Staff Correspondent

Project estimated to cost Rs. 30 crore; civil works under way at Doddaluvara village in Somwarpet taluk

It will offer courses in wildlife, undertake research in wildlife medicine and nutrition

It aims at creating awareness among local people on wildlife conservation

Madikeri: Civil works for establishing the Wildlife Veterinary Research Institute in Kodagu have begun at Doddaluvara village in Somwarpet taluk.

The project, estimated to cost Rs. 30 crore, is being promoted by the State Government under the Karnataka Veterinary and Animal Sciences and Fisheries Sciences University, Bidar.

The institute is coming up on 72.44 acres of land for which Rs. 2 crore had been granted, S. Nagaraju, Officer on Special Duty of the institute, told The Hindu. Of the land allotted to the institute by the district administration, 22 acres had already been taken into possession, he said.

Work on the compound wall up to an extent of 2.4 km was in progress.

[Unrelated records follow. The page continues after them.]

(* Let $(M,d)$ be a complete separable geodesic space and $m\in\mathcal P_2(M)$ such that (A1) and (A2) hold. Assume there exist constants $p,r_0>0$ and a function $c:M\to\mathbb R_+$ such that $m(B(x,r))>c(x)r^p$ for all $x\in M$ and all $r\in(0,r_0]$. Assume there exist $\beta,L>0$ such that every loss $\ell_t$ is measurable, geodesically $\beta$-expconcave and $L$-Lipschitz, and that the \textsc{ewb} forecaster with $\beta_t=\beta$ is well defined (normalizing integrals finite and positive, $m_t\in\mathcal P_2(M)$). Let $n\ge 1/r_0$ and suppose $x_n^*\in\arg\min_{x\in M}\sum_{t=1}^n\ell_t(x)$ exists. Then \[R_n\le L+\frac1\beta\ln\frac{1}{c(x_n^* )}+\frac{p\ln n}{\beta}.\]
   Context: A geodesic is a path $\gamma:[0,1]\to M$ with $d(\gamma(s),\gamma(t))=|t-s|\,d(\gamma(0),\gamma(1))$. $f$ is geodesically convex if $t\mapsto f(\gamma(t))$ is convex for every geodesic $\gamma$; geodesically concave if $-f$ is; geodesically $\beta$-expconcave if $e^{-\beta f}$ is geodesically concave. $B(x,r)=\{y:d(x,y)<r\}$. $\mathcal P_2(M)$: Borel probability measures $\mu$ with $\int d^2(x,y)\mu(\mathrm dy)<\infty$ for all $x$; a barycenter of $\mu$ is a minimizer of $x\mapsto\int d^2(x,y)\mu(\mathrm dy)$. (A1): every $\mu\in\mathcal P_2(M)$ has a barycenter. (A2): for every $\mu\in\mathcal P_2(M)$, barycenter $x^*$ of $\mu$ and geodesically convex $f:M\to\mathbb R$ either positive or in $L^1(\mu)$, $f(x^* )\le\int f\,\mathrm d\mu$. Online protocol: at round $t$ the player picks $x_t$, then loss $\ell_t:M\to\mathbb R$ is revealed (arbitrary). Regret $R_n=\sum_{t=1}^n\ell_t(x_t)-\min_x\sum_{t=1}^n\ell_t(x)$. \textsc{ewb} forecaster: $m_1=m$, $\mathrm dm_{t+1}=e^{-\beta\ell_t}\mathrm dm_t/\int e^{-\beta\ell_t}\mathrm dm_t$, $x_t$ a barycenter of $m_t$. *)

From HB Require Import structures.
From mathcomp Require Import all_boot all_order all_algebra.
From mathcomp Require Import all_classical all_reals all_analysis.
Set Implicit Arguments. Unset Strict Implicit. Unset Printing Implicit Defensive.
Import Order.TTheory GRing.Theory Num.Theory.
Import numFieldNormedType.Exports.
Local Open Scope classical_set_scope.
Local Open Scope ring_scope.

Section MetricDefs.
Context {R : realType} {M : Type} (d : M -> M -> R).

Definition is_metric : Prop :=
  [/\ forall x y, 0 <= d x y,
      forall x y, d x y = 0 <-> x = y,
      forall x y, d x y = d y x &
      forall x y z, d x z <= d x y + d y z].

Definition dball (x : M) (r : R) : set M := [set y | d x y < r].

Definition dopen (A : set M) : Prop :=
  forall x, A x -> exists2 e : R, 0 < e & dball x e `<=` A.

Definition dcomplete : Prop :=
  forall u : nat -> M,
    (forall e : R, 0 < e -> exists N, forall i j, (N <= i)%N -> (N <= j)%N -> d (u i) (u j) < e) ->
    exists l, forall e : R, 0 < e -> exists N, forall i, (N <= i)%N -> d (u i) l < e.

Definition dseparable : Prop :=
  exists u : nat -> M, forall x (e : R), 0 < e -> exists k, d x (u k) < e.

Definition geodesic (g : R -> M) : Prop :=
  forall s t, 0 <= s <= 1 -> 0 <= t <= 1 -> d (g s) (g t) = `|t - s| * d (g 0) (g 1).

Definition geodesic_space : Prop :=
  forall x y, exists g, geodesic g /\ g 0 = x /\ g 1 = y.

Definition geod_convex (f : M -> R) : Prop :=
  forall g, geodesic g -> forall s t l, 0 <= s <= 1 -> 0 <= t <= 1 -> 0 <= l <= 1 ->
    f (g ((1 - l) * s + l * t)) <= (1 - l) * f (g s) + l * f (g t).

Definition geod_concave (f : M -> R) : Prop := geod_convex (fun x => - f x).

Definition geod_expconcave (beta : R) (f : M -> R) : Prop :=
  geod_concave (fun x => expR (- (beta * f x))).

Definition dlipschitz (L : R) (f : M -> R) : Prop :=
  forall x y, `|f x - f y| <= L * d x y.
End MetricDefs.

Section MeasDefs.
Context {R : realType} {dsp : measure_display} {M : measurableType dsp}
  (d : M -> M -> R).
Local Open Scope ereal_scope.

Definition borel_of_metric : Prop :=
  (@measurable _ M) = <<s dopen d >>.

Definition P2 (mu : probability M R) : Prop :=
  forall x, mu.-integrable setT (fun y => ((d x y) ^+ 2)%:E).

Definition barycenter (mu : probability M R) (x : M) : Prop :=
  forall z, \int[mu]_y ((d x y) ^+ 2)%:E <= \int[mu]_y ((d z y) ^+ 2)%:E.

Definition A1 : Prop :=
  forall mu : probability M R, P2 mu -> exists x, barycenter mu x.

Definition A2 : Prop :=
  forall (mu : probability M R) (xs : M) (f : M -> R),
    P2 mu -> barycenter mu xs -> geod_convex d f ->
    (((forall x, (0 <= f x)%R) /\ measurable_fun setT f)
       \/ mu.-integrable setT (fun x => (f x)%:E)) ->
    (f xs)%:E <= \int[mu]_x (f x)%:E.

(* EWB forecaster with constant beta, rounds indexed 1,2,...:
   mt 1 = m, d mt(t+1) = e^{-beta l_t} d mt(t) / Z_t, with 0 < Z_t < +oo,
   each mt t in P_2, and x t a barycenter of mt t. *)
Definition ewb_weight (beta : R) (l : M -> R) (y : M) : \bar R :=
  (expR (- (beta * l y)))%:E.

Definition ewb (m : probability M R) (beta : R) (l : nat -> M -> R)
    (mt : nat -> probability M R) (x : nat -> M) : Prop :=
  [/\ mt 1%N = m,
      forall t, (1 <= t)%N ->
        0 < \int[mt t]_y ewb_weight beta (l t) y < +oo,
      forall t, (1 <= t)%N -> forall A, measurable A ->
        mt t.+1 A * \int[mt t]_y ewb_weight beta (l t) y
          = \int[mt t]_(y in A) ewb_weight beta (l t) y,
      forall t, (1 <= t)%N -> P2 (mt t) &
      forall t, (1 <= t)%N -> barycenter (mt t) (x t)].
End MeasDefs.

From HB Require Import structures.
From mathcomp Require Import all_boot all_order all_algebra.
From mathcomp Require Import all_classical all_reals all_analysis.
From mathcomp Require Import ring lra measurable_realfun.
Set Implicit Arguments.
Unset Strict Implicit.
Unset Printing Implicit Defensive.
Import Order.TTheory GRing.Theory Num.Theory.
Import numFieldNormedType.Exports.
Local Open Scope classical_set_scope.
Local Open Scope ring_scope.

(* Write w_t = exp(-beta l_t), Z_t = int w_t dm_t and P_t(A) = m_t(A).
   1. Upper bound on the normalizer: -w_t is geodesically convex
      (expconcavity), so Jensen's inequality (A2) at the barycenter x_t
      gives Z_t <= w_t(x_t).
   2. Mass transport: if l_t <= b on a measurable set A, the update rule gives
      exp(-beta b) P_t(A) <= P_(t+1)(A) Z_t.  Combined with 1 this says that
      in round t the log-mass of A grows by at least beta (l_t(x_t) - b).
   3. Summing over t = 1..n and using P_(n+1)(A) <= 1: the forecaster is
      competitive against every set A of positive prior mass,
      beta sum_t (l_t(x_t) - b_t) <= -ln m(A).
   4. Take A = B(x*_n, 1/n): by Lipschitz continuity b_t = l_t(x*_n) + L/n
      works, and the small-ball hypothesis gives m(A) > c(x*_n) n^-p. *)

Lemma dball_measurable (R : realType) (dsp : measure_display)
    (M : measurableType dsp) (d : M -> M -> R) (y : M) (r : R) :
  is_metric d -> borel_of_metric d -> measurable (dball d y r).
Proof.
move=> [_ _ _ dtri] ->; apply: sub_sigma_algebra => z yz.
exists (r - d y z); first by rewrite subr_gt0.
move=> u zu; rewrite /dball /=; move: yz zu; rewrite /dball /=.
have := dtri y z u; lra.
Qed.

Lemma dlipschitz_dball (R : realType) (M : Type) (d : M -> M -> R)
    (L : R) (f : M -> R) (y z : M) (r : R) :
  0 <= L -> dlipschitz d L f -> dball d y r z -> f z <= f y + L * r.
Proof.
move=> L0 lipf yz; have := lipf y z; rewrite ler_norml => /andP[fyz _].
have := ler_wpM2l L0 (ltW yz); lra.
Qed.

Lemma measurable_expR_scaled (R : realType) (dsp : measure_display)
    (M : measurableType dsp) (f : M -> R) (b : R) :
  measurable_fun setT f -> measurable_fun setT (fun y => expR (- (b * f y))).
Proof.
move=> mf; apply: measurableT_comp; first exact: measurable_expR.
apply: measurableT_comp; first exact: oppr_measurable.
by apply: measurableT_comp; first exact: mulrl_measurable.
Qed.

Lemma probability_fine (R : realType) (dsp : measure_display)
    (M : measurableType dsp) (mu : probability M R) (A : set M) :
  measurable A -> mu A = (fine (mu A))%:E /\ 0 <= fine (mu A) <= 1.
Proof.
move=> mA.
have mu_ge0 : (0 <= mu A)%E := measure_ge0 _ _.
have mu_le1 : (mu A <= 1)%E := probability_le1 _ mA.
have finA : mu A \is a fin_num by rewrite ge0_fin_numE // (le_lt_trans mu_le1) // ltry.
split; first by rewrite fineK.
by rewrite fine_ge0 //= -lee_fin fineK.
Qed.

Section EWBForecaster.
Variables (R : realType) (dsp : measure_display) (M : measurableType dsp).
Variables (d : M -> M -> R) (m : probability M R) (beta L : R).
Variables (l : nat -> M -> R) (mt : nat -> probability M R) (x : nat -> M).
Hypothesis beta_gt0 : 0 < beta.
Hypothesis loss_measurable : forall t, (1 <= t)%N -> measurable_fun setT (l t).
Hypothesis loss_expconcave : forall t, (1 <= t)%N -> geod_expconcave d beta (l t).
Hypothesis jensen : A2 d.
Hypothesis forecaster : ewb d m beta l mt x.

Definition normalizer (t : nat) : R :=
  fine (\int[mt t]_y ewb_weight beta (l t) y)%E.

Lemma normalizerE t : (1 <= t)%N ->
  0 < normalizer t /\ (normalizer t)%:E = (\int[mt t]_y ewb_weight beta (l t) y)%E.
Proof.
move=> t1; case: forecaster => _ Zfin _ _ _; have /andP[Z_gt0 Z_ltoo] := Zfin t t1.
have finZ : (\int[mt t]_y ewb_weight beta (l t) y)%E \is a fin_num.
  by rewrite ge0_fin_numE // ltW.
by split; rewrite /normalizer ?fineK // -lte_fin fineK.
Qed.

(* Step 1: Jensen's inequality at the barycenter, Z_t <= w_t(x_t). *)
Lemma normalizer_le_weight t : (1 <= t)%N ->
  normalizer t <= expR (- (beta * l t (x t))).
Proof.
move=> t1; have [_ ZE] := normalizerE t1.
case: forecaster => _ Zfin _ P2mt bary.
pose w y := expR (- (beta * l t y)).
have mw : measurable_fun setT (fun y => (- w y)%:E).
  apply/measurable_EFinP; apply: measurableT_comp; first exact: oppr_measurable.
  exact: measurable_expR_scaled (loss_measurable t1).
have iw : (mt t).-integrable setT (fun y => (- w y)%:E).
  apply/integrableP; split => //.
  under eq_integral do rewrite EFinN abseN gee0_abs ?lee_fin ?expR_ge0 //.
  by have /andP[] := Zfin t t1.
have := jensen (P2mt t t1) (bary t t1) (loss_expconcave t1) (or_intror iw).
rewrite EFinN; under eq_integral do rewrite EFinN.
rewrite integral_ge0N; last by move=> *; rewrite lee_fin expR_ge0.
have -> : (\int[mt t]_y (w y)%:E)%E = (normalizer t)%:E by rewrite ZE.
by rewrite leeN2 lee_fin.
Qed.

Lemma ewb_mass_step t (A : set M) (b : R) : (1 <= t)%N -> measurable A ->
  (forall y, A y -> l t y <= b) ->
  expR (- (beta * b)) * fine (mt t A) <= fine (mt t.+1 A) * normalizer t.
Proof.
move=> t1 mA lb; have [_ ZE] := normalizerE t1.
have [PtE _] := probability_fine (mt t) mA.
have [Pt1E _] := probability_fine (mt t.+1) mA.
case: forecaster => _ _ update _ _.
rewrite -lee_fin !EFinM -Pt1E ZE update // -PtE -integral_cst //.
apply: ge0_le_integral => //.
- by move=> *; rewrite lee_fin expR_ge0.
- apply: (measurable_funS measurableT) => //.
  by apply/measurable_EFinP; exact: measurable_expR_scaled (loss_measurable t1).
- by move=> y Ay; rewrite /ewb_weight lee_fin ler_expR lerN2 ler_pM2l // lb.
Qed.

Lemma ewb_log_mass_gain t (A : set M) (b : R) : (1 <= t)%N -> measurable A ->
  (forall y, A y -> l t y <= b) -> 0 < fine (mt t A) ->
  0 < fine (mt t.+1 A) /\
  beta * (l t (x t) - b) <= ln (fine (mt t.+1 A)) - ln (fine (mt t A)).
Proof.
move=> t1 mA lb Pt_gt0.
have step := ewb_mass_step t1 mA lb.
have [_ /andP[Pt1_ge0 _]] := probability_fine (mt t.+1) mA.
have ZW := ler_wpM2l Pt1_ge0 (normalizer_le_weight t1).
have lhs_gt0 : 0 < expR (- (beta * b)) * fine (mt t A) by rewrite mulr_gt0 ?expR_gt0.
have Pt1_gt0 : 0 < fine (mt t.+1 A).
  rewrite lt_neqAle Pt1_ge0 andbT; apply/eqP => P0.
  by move: (le_trans step ZW); rewrite -P0 mul0r leNgt lhs_gt0.
split => //; have := le_trans step ZW.
rewrite -ler_ln ?posrE ?mulr_gt0 ?expR_gt0 // !lnM ?posrE ?expR_gt0 // !expRK.
lra.
Qed.

Lemma ewb_regret_vs_set (A : set M) (b : nat -> R) : measurable A ->
  0 < fine (m A) -> (forall t, (1 <= t)%N -> forall y, A y -> l t y <= b t) ->
  forall n, beta * \sum_(1 <= t < n.+1) (l t (x t) - b t) <= - ln (fine (m A)).
Proof.
move=> mA mA_gt0 lb.
case: (forecaster) => mt1 _ _ _ _.
have gain n : 0 < fine (mt n.+1 A) /\
    beta * \sum_(1 <= t < n.+1) (l t (x t) - b t)
      <= ln (fine (mt n.+1 A)) - ln (fine (m A)).
  elim: n => [|n [Pn_gt0 IHn]].
    by rewrite big_geq // mulr0 mt1 subrr.
  have [Pn1_gt0 gainn] := ewb_log_mass_gain (isT : (1 <= n.+1)%N) mA (lb n.+1 isT) Pn_gt0.
  split => //; rewrite big_nat_recr //= mulrDr; lra.
move=> n; have [_ gainn] := gain n.
have [_ /andP[_ Pn1_le1]] := probability_fine (mt n.+1) mA.
have := ln_le0 Pn1_le1; lra.
Qed.

End EWBForecaster.

Lemma ln_small_ball_mass (R : realType) (dsp : measure_display)
    (M : measurableType dsp) (d : M -> M -> R) (m : probability M R)
    (p : R) (c : M -> R) (y : M) (n : nat) :
  0 < c y -> 0 < n%:R :> R -> measurable (dball d y n%:R^-1) ->
  ((c y * n%:R^-1 `^ p)%:E < m (dball d y n%:R^-1))%E ->
  0 < fine (m (dball d y n%:R^-1)) /\
  ln (c y) - p * ln n%:R < ln (fine (m (dball d y n%:R^-1))).
Proof.
move=> c_gt0 n_gt0 mB; have [-> _] := probability_fine m mB; rewrite lte_fin => mass.
have lb_gt0 : 0 < c y * n%:R^-1 `^ p by rewrite mulr_gt0 ?powR_gt0 ?invr_gt0.
have mass_gt0 := lt_trans lb_gt0 mass.
split => //; move: mass; rewrite -ltr_ln ?posrE //.
by rewrite lnM ?posrE ?powR_gt0 ?invr_gt0 // ln_powR lnV ?posrE // mulrN.
Qed.

Theorem mainTheorem4 (R : realType) (dsp : measure_display) (M : measurableType dsp)
  (d : M -> M -> R) (m : probability M R)
  (p r0 : R) (c : M -> R) (beta L : R)
  (l : nat -> M -> R) (mt : nat -> probability M R) (x : nat -> M)
  (n : nat) (xs : M) :
  is_metric d -> dcomplete d -> dseparable d -> geodesic_space d ->
  borel_of_metric d ->
  P2 d m -> A1 d -> A2 d ->
  0 < p -> 0 < r0 -> (forall y, 0 < c y) ->
  (forall y r, 0 < r <= r0 -> (((c y) * r `^ p)%:E < m (dball d y r))%E) ->
  0 < beta -> 0 < L ->
  (forall t, (1 <= t)%N ->
     measurable_fun setT (l t) /\ geod_expconcave d beta (l t) /\ dlipschitz d L (l t)) ->
  ewb d m beta l mt x ->
  r0^-1 <= n%:R ->
  (forall y, \sum_(1 <= t < n.+1) l t xs <= \sum_(1 <= t < n.+1) l t y) ->
  \sum_(1 <= t < n.+1) l t (x t) - \sum_(1 <= t < n.+1) l t xs
    <= L + beta^-1 * ln ((c xs)^-1) + p * ln n%:R / beta.
Proof.
move=> metric _ _ _ borel _ _ jensen _ r0_gt0 c_gt0 small_ball beta_gt0 L_gt0
  losses forecaster n_large _.
have n_gt0 : 0 < n%:R :> R by apply: lt_le_trans n_large; rewrite invr_gt0.
have r_in : 0 < (n%:R^-1 : R) <= r0.
  by rewrite invr_gt0 n_gt0 -[r0]invrK lef_pV2 ?posrE ?invr_gt0.
have mB := dball_measurable xs n%:R^-1 metric borel.
have [mB_gt0 ln_mB] := ln_small_ball_mass (c_gt0 xs) n_gt0 mB
  (small_ball xs _ r_in).
have lb t : (1 <= t)%N ->
    forall y, dball d xs n%:R^-1 y -> l t y <= l t xs + L * n%:R^-1.
  by move=> t1 y; have [_ [_ lip]] := losses t t1; exact: dlipschitz_dball (ltW L_gt0) lip.
have := ewb_regret_vs_set beta_gt0 (fun t t1 => (losses t t1).1)
  (fun t t1 => (losses t t1).2.1) jensen forecaster mB mB_gt0 lb n.
rewrite sumrB big_split /= sumr_const_nat subn1 /= -[_ *+ n]mulr_natr divfK ?gt_eqF //.
rewrite mulrBr mulrDr => regret.
have -> : L + beta^-1 * ln (c xs)^-1 + p * ln n%:R / beta
    = (beta * L - ln (c xs) + p * ln n%:R) / beta.
  by rewrite lnV ?posrE //; field; rewrite gt_eqF.
rewrite ler_pdivlMr // mulrC mulrBr; lra.
Qed.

A hostel and a temporary office block were being constructed, he said. He displayed the blueprint for the institute, claimed to be first of its kind in the country.

The institute would offer postgraduate diploma, masters degree and Ph.D. in wildlife, which would be a specialised subject in the country, Dr. Nagaraju said.

Research in wildlife medicine and nutrition, breeding, management of wildlife diseases, wildlife biology and wildlife behaviour would be carried out at the institute, he said.

Facilities would be set up for diagnosing wildlife diseases and in-service training would be provided to those working in the zoological gardens, national parks and wild safaris, he said.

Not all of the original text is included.